The problem for Alementary is that major outlay of cash. “We need to make beer to make money for what we’re spending,” says Roosevelt. “They can have all the negotiations they want, I don’t care. I just want them to open the government in the meantime.”

“This is essentially a state of emergency.”

Carton Brewing was able to expand its production space with 10,000 more square feet on East Washington Avenue in Atlantic Highlands well before the shutdown. “We have more tanks, to make more [and] different beer,” co-founder Augie Carton told me via email. “Our output probably grew by about 40 percent.” And nothing, so far, is pending with the TTB. That doesn’t mean Carton isn’t frustrated. “This is essentially a state of emergency for 100 or so small New Jersey businesses.”

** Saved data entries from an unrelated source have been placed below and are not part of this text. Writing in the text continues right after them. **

Lemma orth_closure S x : orth ip S x -> orth ip (closure S) x.
Proof.
move=> orth_x z /closure_normP clSz; rewrite innerC.
apply: (ip_eq0_approx innerC innerL inner_ge0) => e e_gt0.
have sqrt_gt0 : 0 < Num.sqrt e by rewrite sqrtr_gt0.
have [y Sy zy] := clSz _ sqrt_gt0; exists y; split; first by rewrite innerC orth_x.
by rewrite inner_normE -(sqr_sqrtr (ltW e_gt0)) ltr_pXn2r ?nnegrE ?sqrtr_ge0.
Qed.

Lemma dense_orth0 D v : closure D = setT -> orth ip D v -> v = 0.
Proof. by move=> dense /orth_closure; rewrite dense => /(_ v I)/inner_eq0. Qed.

Lemma ip_cvgP (u : nat -> H) l : ip_cvg ip u l <-> u @ \oo --> l.
Proof.
split=> [ul | /cvgrPdist_lt ul e e_gt0].
  apply/cvgrPdist_lt => e e_gt0; have [N ulN] := ul _ (exprn_gt0 2 e_gt0).
  by exists N => // n /ulN; rewrite inner_normE distrC ltr_pXn2r ?nnegrE ?(ltW e_gt0).
have sqrt_gt0 : 0 < Num.sqrt e by rewrite sqrtr_gt0.
have [N _ ulN] := ul _ sqrt_gt0; exists N => n /ulN lt_n.
by rewrite inner_normE distrC -(sqr_sqrtr (ltW e_gt0)) ltr_pXn2r ?nnegrE ?sqrtr_ge0.
Qed.

Lemma ip_cauchy_cvg u : ip_cauchy ip u -> exists l, ip_cvg ip u l.
Proof.
move=> cau; exists (limn u); apply/ip_cvgP; apply: cauchy_cvg; apply/cauchy_exP => e e_gt0.
have [N uN] := cau _ (exprn_gt0 2 e_gt0); exists (u N); exists N => // n le_Nn /=.
rewrite -ball_normE /= -(ltr_pXn2r (_ : (0 < 2)%N)) ?nnegrE ?(ltW e_gt0) //.
by rewrite -inner_normE uN.
Qed.

Lemma closed_ip_complete S : closed S -> ip_complete ip S.
Proof.
move=> clS u Su /ip_cauchy_cvg [l ul]; exists l => //.
by apply: (closed_cvg _ clS _ _ ((ip_cvgP u l).1 ul)); exists 0%N.
Qed.

Lemma closure_subspace (S : set H) : subspace S -> subspace (closure S).
Proof.
case=> S0 linS; split=> [|a x y /closure_normP clx /closure_normP cly].
  exact: subset_closure.
apply/closure_normP => e e_gt0.
have ea_gt0 : 0 < e / (2 * (`|a| + 1)) by rewrite divr_gt0 // ltr_pMr //; lra.
have e2_gt0 : 0 < e / 2 by rewrite divr_gt0.
have [x' Sx' xx'] := clx _ ea_gt0; have [y' Sy' yy'] := cly _ e2_gt0.
exists (a *: x' + y'); first exact: linS.
rewrite opprD addrACA -scalerBr (le_lt_trans (ler_normD _ _)) // normrZ.
have : `|a| * `|x - x'| <= e / 2.
  apply: le_trans (ler_wpM2l (normr_ge0 a) (ltW xx')) _.
  by rewrite mulrA ler_pdivrMr ?mulr_gt0 //; nra.
by lra.
Qed.

Lemma norm_le_orthD x y : ip x y = 0 -> `|x| <= `|x + y|.
Proof.
move=> xy; rewrite -(ler_pXn2r (_ : (0 < 2)%N)) ?nnegrE // pythagoras //.
by rewrite lerDl sqr_ge0.
Qed.

Section OrthogonalProjection.
Variable S : set H.
Hypothesis sS : subspace S.
Local Notation pi := (oproj ip S).

Lemma oproj_unique v y : S y -> orth ip S (v - y) -> pi v = y.
Proof.
move=> Sy orth_y; apply: xget_unique => // y' [Sy' orth_y'].
apply/eqP; rewrite -subr_eq0; apply/eqP/inner_eq0.
have Sd : S (y' - y) := subspaceB sS Sy' Sy.
have {1}-> : y' - y = (v - y) - (v - y') by rewrite opprB [_ + (y' - v)]addrC addrA subrK.
by rewrite (ipBl innerL) orth_y // orth_y' // subrr.
Qed.

Lemma oproj_id y : S y -> pi y = y.
Proof. by move=> Sy; apply: oproj_unique => // z _; rewrite subrr (ip0l innerL). Qed.

Hypothesis cS : ip_complete ip S.

Lemma oprojP v : S (pi v) /\ orth ip S (v - pi v).
Proof. exact (xgetPex 0 (exists_oproj innerC innerL inner_ge0 v sS cS)). Qed.

Lemma oprojB u v : pi (u - v) = pi u - pi v.
Proof.
have [Su orth_u] := oprojP u; have [Sv orth_v] := oprojP v.
apply: oproj_unique => [|z Sz]; first exact: subspaceB.
have -> : u - v - (pi u - pi v) = (u - pi u) - (v - pi v).
  by rewrite !opprB addrACA [RHS]addrACA [- v + _]addrC.
by rewrite (ipBl innerL) orth_u // orth_v // subrr.
Qed.

Lemma norm_oproj_le v : `|pi v| <= `|v|.
Proof.
have [Spv orth_v] := oprojP v; have vE : v = pi v + (v - pi v) by rewrite [pi v + _]addrC subrK.
rewrite [X in _ <= `|X|]vE.
apply: norm_le_orthD; rewrite innerC; exact: orth_v.
Qed.

End OrthogonalProjection.

Section ReducedPreimage.
Variables (H' : normedModType R) (DT M : set H) (T : H -> H').
Hypotheses (sDT : subspace DT) (linT : linear_on DT T) (sM : subspace M).
Hypothesis orthM_kern : orth ip M `<=` kern DT T.

Lemma reduced_preimage w : DT w -> exists2 w0, DT w0 /\ closure M w0 & T w0 = T w.
Proof.
move=> DTw; have sclM := closure_subspace sM.
have [clM_w0 orth_w0] := oprojP sclM (closed_ip_complete (@closed_closure _ M)) w.
set w0 := oproj ip (closure M) w in clM_w0 orth_w0 *.
have [DT_d T_d] : kern DT T (w - w0).
  by apply: orthM_kern => z Mz; apply: orth_w0; exact: subset_closure.
have DTw0 : DT w0 by have := subspaceB sDT DTw DT_d; rewrite subKr.
exists w0 => //; apply/eqP; rewrite eq_sym -subr_eq0 -(linear_onB linT) //; exact/eqP.
Qed.

Lemma rinvP y : (T @` DT) y ->
  DT (rinv DT (closure M) T y) /\ closure M (rinv DT (closure M) T y) /\
  T (rinv DT (closure M) T y) = y.
Proof.
move=> [w /reduced_preimage [w0 [DTw0 clMw0] Tw0] <-].
have ex_w0 : exists w0, DT w0 /\ closure M w0 /\ T w0 = T w by exists w0.
exact (xgetPex 0 ex_w0).
Qed.

End ReducedPreimage.

Section ErrorComponent.
Variables (H' : normedModType R) (DT S : set H) (T : H -> H') (c : R).
Hypotheses (sDT : subspace DT) (linT : linear_on DT T).
Hypotheses (sS : subspace S) (cS : ip_complete ip S).
Hypothesis kernE : kern DT T = orth ip S.
Hypothesis poincare : forall y, DT y -> S y -> `|y| <= c * `|T y|.
Variables (g : H') (x xt : H).
Hypotheses (DTx : DT x) (Tx : T x = g).
Local Notation pi := (oproj ip S).

Lemma dom_oproj v : DT v -> DT (pi v) /\ T (pi v) = T v.
Proof.
move=> DTv; have [DTd Td] : kern DT T (v - pi v) by rewrite kernE; exact: (oprojP sS cS v).2.
have := subspaceB sDT DTv DTd; rewrite subKr => DTpv.
by split=> //; move: Td; rewrite (linear_onB linT) // => /eqP; rewrite subr_eq0 => /eqP.
Qed.

Lemma rinv_oproj : rinv DT (closure S) T g = pi x.
Proof.
have [DTpx Tpx] := dom_oproj DTx; have clSpx := subset_closure (oprojP sS cS x).1.
apply: xget_unique => [|w [DTw [clSw Tw]]]; first by do !split=> //; rewrite Tpx.
have : kern DT T (w - pi x).
  by split; [exact: subspaceB | rewrite (linear_onB linT) // Tw Tpx Tx subrr].
rewrite kernE => /orth_closure/(_ (w - pi x)) orth_d.
apply/eqP; rewrite -subr_eq0; apply/eqP/inner_eq0/orth_d.
by apply: (subspaceB (closure_subspace sS)).
Qed.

But the brewery’s solution is less panic and more politics. “I have dealt with both of my local senators on both sides of the aisle, Declan O’Scanlon and Vin Gopal. They are both very supportive of what’s going on in [New Jersey] brewing.” Carton has plenty of experience with the inefficiencies of label approval in the state. “Our mission begets a slow process with the TTB. We are used to it.”

Meanwhile, Carton actually is giving their beer away—just not the unlabeled stuff. “We have a lot of federal employee neighbors around us between Sandy Hook, the Coast Guard, Earl and other contractors. Anyone furloughed that comes in with a federal employee ID gets a glass of This Town on us for as long as this goes on.” (This Town, FYI, is Carton’s Monmouth County-only easy-drinking lager.)

“[The shutdown] is an annoyance that we will take in stride and figure our way through. But for some of our neighbors, it’s food and toilet paper,” says Carton. “At least they can stop in for a tasty beer while figuring out how to make ends meet.”